History.—Added, C.S. for C.S. for H.J.R.’s 1727, 863, 2035, 1992; adopted 1992; Am. S.J.R. 1284, 2002; adopted 2002.
SECTION 25. Taxpayers’ Bill of Rights.—By general law the legislature shall prescribe and adopt a Taxpayers’ Bill of Rights that, in clear and concise language, sets forth taxpayers’ rights and responsibilities and government’s responsibilities to deal fairly with taxpayers under the laws of this state. This section shall be effective July 1, 1993.
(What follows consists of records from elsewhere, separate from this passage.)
Lemma sumR_cauchy_schwarz m a b c d :
  sumR m (fun i => a i * b i + c i * d i)
  <= sqrt (sumR m (fun i => a i ^ 2 + c i ^ 2)) * sqrt (sumR m (fun i => b i ^ 2 + d i ^ 2)).
Proof.
  set (P := sumR m (fun i => a i ^ 2 + c i ^ 2)).
  set (Q := sumR m (fun i => a i * b i + c i * d i)).
  set (Sb := sumR m (fun i => b i ^ 2 + d i ^ 2)).
  assert (Hquad : forall t, 0 <= P - 2 * t * Q + t ^ 2 * Sb).
  { intros t.
    replace (P - 2 * t * Q + t ^ 2 * Sb)
      with (sumR m (fun i => (a i - t * b i) ^ 2 + (c i - t * d i) ^ 2)).
    - apply sumR_nonneg; intros; apply sum_sq_ge0.
    - unfold P, Q, Sb. rewrite <- !sumR_scal. unfold Rminus.
      rewrite <- sumR_opp, <- !sumR_plus. apply sumR_ext; intros; ring. }
  assert (HP : 0 <= P) by (apply sumR_nonneg; intros; apply sum_sq_ge0).
  assert (HS : 0 <= Sb) by (apply sumR_nonneg; intros; apply sum_sq_ge0).
  assert (0 <= sqrt P * sqrt Sb) by (apply Rmult_le_pos; apply sqrt_pos).
  destruct (Rle_lt_dec Q 0) as [HQ|HQ]; [lra|].
  destruct (Req_dec Sb 0) as [HS0|HS0].
  - specialize (Hquad ((P + 1) / (2 * Q))). rewrite HS0 in Hquad.
    assert (P - 2 * ((P + 1) / (2 * Q)) * Q = -1) by (field; lra). nra.
  - specialize (Hquad (Q / Sb)).
    replace (P - 2 * (Q / Sb) * Q + (Q / Sb) ^ 2 * Sb) with (P - Q ^ 2 / Sb) in Hquad
      by (field; lra).
    assert (Q ^ 2 <= P * Sb).
    { assert (Q ^ 2 / Sb * Sb = Q ^ 2) by (field; lra). nra. }
    rewrite <- sqrt_mult by auto. rewrite <- (sqrt_pow2 Q) by lra.
    apply sqrt_le_1_alt. lra.
Qed.

Lemma Cre_hinner_le m u v : Cre (hinner m u v) <= vnorm m u * vnorm m v.
Proof.
  rewrite !vnorm_sqrt. unfold hinner, vnorm2. rewrite Cre_sumC.
  eapply Rle_trans; [|apply (sumR_cauchy_schwarz m (fun i => Cre (u i)) (fun i => Cre (v i))
                                                (fun i => Cim (u i)) (fun i => Cim (v i)))].
  right. apply sumR_ext; intros; simpl; ring.
Qed.

Lemma rnorm_ge0 m r : 0 <= rnorm m r.
Proof. apply sqrt_pos. Qed.

Lemma sumR_mul_le_rnorm m r q : sumR m (fun i => r i * q i) <= rnorm m r * rnorm m q.
Proof.
  unfold rnorm.
  replace (sumR m (fun i => r i * q i)) with (sumR m (fun i => r i * q i + 0 * 0))
    by (apply sumR_ext; intros; ring).
  replace (sumR m (fun i => r i ^ 2)) with (sumR m (fun i => r i ^ 2 + 0 ^ 2))
    by (apply sumR_ext; intros; ring).
  replace (sumR m (fun i => q i ^ 2)) with (sumR m (fun i => q i ^ 2 + 0 ^ 2))
    by (apply sumR_ext; intros; ring).
  apply sumR_cauchy_schwarz.
Qed.

Lemma rnorm_ext m r q : (forall i, (i < m)%nat -> r i = q i) -> rnorm m r = rnorm m q.
Proof. intros H; unfold rnorm; f_equal; apply sumR_ext; intros; rewrite H; auto. Qed.

Lemma rnorm_scal m t r : 0 <= t -> rnorm m (fun j => t * r j) = t * rnorm m r.
Proof.
  intros Ht. unfold rnorm.
  replace (sumR m (fun i => (t * r i) ^ 2)) with (t ^ 2 * sumR m (fun i => r i ^ 2))
    by (rewrite <- sumR_scal; apply sumR_ext; intros; ring).
  rewrite sqrt_mult by (try apply pow2_ge_0; apply sumR_nonneg; intros; apply pow2_ge_0).
  now rewrite sqrt_pow2.
Qed.

Lemma rnorm_le m r q : (forall i, (i < m)%nat -> r i ^ 2 <= q i ^ 2) -> rnorm m r <= rnorm m q.
Proof. intros H. apply sqrt_le_1_alt, sumR_le; auto. Qed.

Lemma vnorm_triangle m u v : vnorm m (vadd u v) <= vnorm m u + vnorm m v.
Proof.
  rewrite (vnorm_sqrt m (vadd u v)). apply sqrt_le_of_le_sq.
  - pose proof (vnorm_ge0 m u); pose proof (vnorm_ge0 m v); lra.
  - replace (vnorm2 m (vadd u v)) with (vnorm2 m u + vnorm2 m v + 2 * Cre (hinner m u v)).
    + rewrite <- !vnorm_sq. pose proof (Cre_hinner_le m u v). nra.
    + unfold vnorm2, hinner. rewrite Cre_sumC, <- sumR_scal, <- !sumR_plus.
      apply sumR_ext; intros; unfold vadd; simpl; ring.
Qed.

Lemma Cmod_le_vnorm m v i : (i < m)%nat -> Cmod (v i) <= vnorm m v.
Proof.
  intros Hi. rewrite vnorm_sqrt, <- (sqrt_pow2 (Cmod (v i))) by apply Cmod_ge0.
  apply sqrt_le_1_alt. rewrite Cmod_sq.
  apply (sumR_ge_term m (fun i => Cre (v i) ^ 2 + Cim (v i) ^ 2)); auto. intros; apply sum_sq_ge0.
Qed.

Lemma vnorm_eq0 m u : vnorm m u = 0 -> forall i, (i < m)%nat -> u i = C0.
Proof.
  intros H i Hi. apply Cmod_eq0.
  pose proof (Cmod_le_vnorm m u i Hi). pose proof (Cmod_ge0 (u i)). lra.
Qed.

Lemma vnorm_smul m a u : vnorm m (vsmul a u) = Cmod a * vnorm m u.
Proof.
  rewrite !vnorm_sqrt, <- (sqrt_pow2 (Cmod a)) by apply Cmod_ge0.
  rewrite <- sqrt_mult by (try apply pow2_ge_0; apply vnorm2_ge0). f_equal.
  unfold vnorm2. rewrite <- sumR_scal. apply sumR_ext; intros.
  rewrite Cmod_sq. unfold vsmul; simpl; ring.
Qed.

Lemma vnorm_le_pointwise m u v K : 0 <= K ->
  (forall j, (j < m)%nat -> Cmod (u j) <= K * Cmod (v j)) -> vnorm m u <= K * vnorm m v.
Proof.
  intros HK H. rewrite !vnorm_sqrt, <- (sqrt_pow2 K HK).
  rewrite <- sqrt_mult by (try apply pow2_ge_0; apply vnorm2_ge0). apply sqrt_le_1_alt.
  unfold vnorm2. rewrite <- sumR_scal. apply sumR_le. intros j Hj.
  rewrite <- !Cmod_sq. specialize (H j Hj). pose proof (Cmod_ge0 (u j)).
  replace (K ^ 2 * Cmod (v j) ^ 2) with ((K * Cmod (v j)) ^ 2) by ring. now apply pow_incr.
Qed.

(** * Matrices with [A A^* = I] *)

Lemma matvec_add n N A s t i :
  matvec n N A (fun j => Cadd (s j) (t j)) i = Cadd (matvec n N A s i) (matvec n N A t i).
Proof. unfold matvec. rewrite <- sumC_add. apply sumC_ext; intros; ring. Qed.

Lemma matvec_sub n N A s t i :
  matvec n N A (fun j => Csub (s j) (t j)) i = Csub (matvec n N A s i) (matvec n N A t i).
Proof. unfold matvec. rewrite <- sumC_sub. apply sumC_ext; intros; ring. Qed.

Lemma matvec_mul_l n N A a s i :
  matvec n N A (fun j => Cmul a (s j)) i = Cmul a (matvec n N A s i).
Proof. unfold matvec. rewrite <- sumC_mul_l. apply sumC_ext; intros; ring. Qed.

Lemma adjvec_sub n N A x y j :
  adjvec n N A (vsub x y) j = Csub (adjvec n N A x j) (adjvec n N A y j).
Proof. unfold adjvec, vsub. rewrite <- sumC_sub. apply sumC_ext; intros; ring. Qed.

Lemma adjvec_smul n N A a x j : adjvec n N A (vsmul a x) j = Cmul a (adjvec n N A x j).
Proof. unfold adjvec, vsmul. rewrite <- sumC_mul_l. apply sumC_ext; intros; ring. Qed.

Lemma hinner_matvec_l n N A s w :
  hinner n (matvec n N A s) w = hinner N s (adjvec n N A w).
Proof.
  unfold hinner, matvec, adjvec.
  transitivity (sumC n (fun i => sumC N (fun j =>
                  Cmul (Cmul (Cconj (s j)) (Cconj (A i j))) (w i)))).
  { apply sumC_ext; intros. rewrite sumC_conj, <- sumC_mul_r. apply sumC_ext; intros.
    rewrite Cconj_mul. ring. }
  rewrite sumC_swap. apply sumC_ext; intros. rewrite <- sumC_mul_l. apply sumC_ext; intros. ring.
Qed.

Section Isometry.
Variables (n N : nat) (A : mat).
Hypothesis hA : AAstar_id n N A.

Lemma matvec_adjvec x i : (i < n)%nat -> matvec n N A (adjvec n N A x) i = x i.
Proof.
  intros Hi. unfold matvec, adjvec.
  transitivity (sumC N (fun j => sumC n (fun i' => Cmul (Cmul (A i j) (Cconj (A i' j))) (x i')))).
  { apply sumC_ext; intros. rewrite <- sumC_mul_l. apply sumC_ext; intros; ring. }
  rewrite <- sumC_swap.
  transitivity (sumC n (fun i' => Cmul (if Nat.eqb i i' then C1 else C0) (x i'))).
  { apply sumC_ext; intros i' Hi'. rewrite sumC_mul_r, hA; auto. }
  now apply sumC_kronecker.
Qed.

Lemma hinner_adjvec x y : hinner N (adjvec n N A x) (adjvec n N A y) = hinner n x y.
Proof.
  rewrite <- hinner_matvec_l. unfold hinner. apply sumC_ext; intros.
  rewrite matvec_adjvec; auto.
Qed.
History.—Proposed by Taxation and Budget Reform Commission, Revision No. 2, 1992, filed with the Secretary of State May 7, 1992; adopted 1992.
1Note.—This section, originally designated section 24 by Revision No. 2 of the Taxation and Budget Reform Commission, 1992, was redesignated section 25 by the editors in order to avoid confusion with section 24 as contained in H.J.R.’s 1727, 863, 2035, 1992.
SECTION 26. Claimant’s right to fair compensation.—
(a) Article I, Section 26 is created to read “Claimant’s right to fair compensation.” In any medical liability claim involving a contingency fee, the claimant is entitled to receive no less than 70% of the first $250,000.00 in all damages received by the claimant, exclusive of reasonable and customary costs, whether received by judgment, settlement, or otherwise, and regardless of the number of defendants. The claimant is entitled to 90% of all damages in excess of $250,000.00, exclusive of reasonable and customary costs and regardless of the number of defendants. This provision is self-executing and does not require implementing legislation.
(b) This Amendment shall take effect on the day following approval by the voters.
History.—Proposed by Initiative Petition filed with the Secretary of State September 8, 2003; adopted 2004.
SECTION 27. Marriage defined.—Inasmuch as marriage is the legal union of only one man and one woman as husband and wife, no other legal union that is treated as marriage or the substantial equivalent thereof shall be valid or recognized.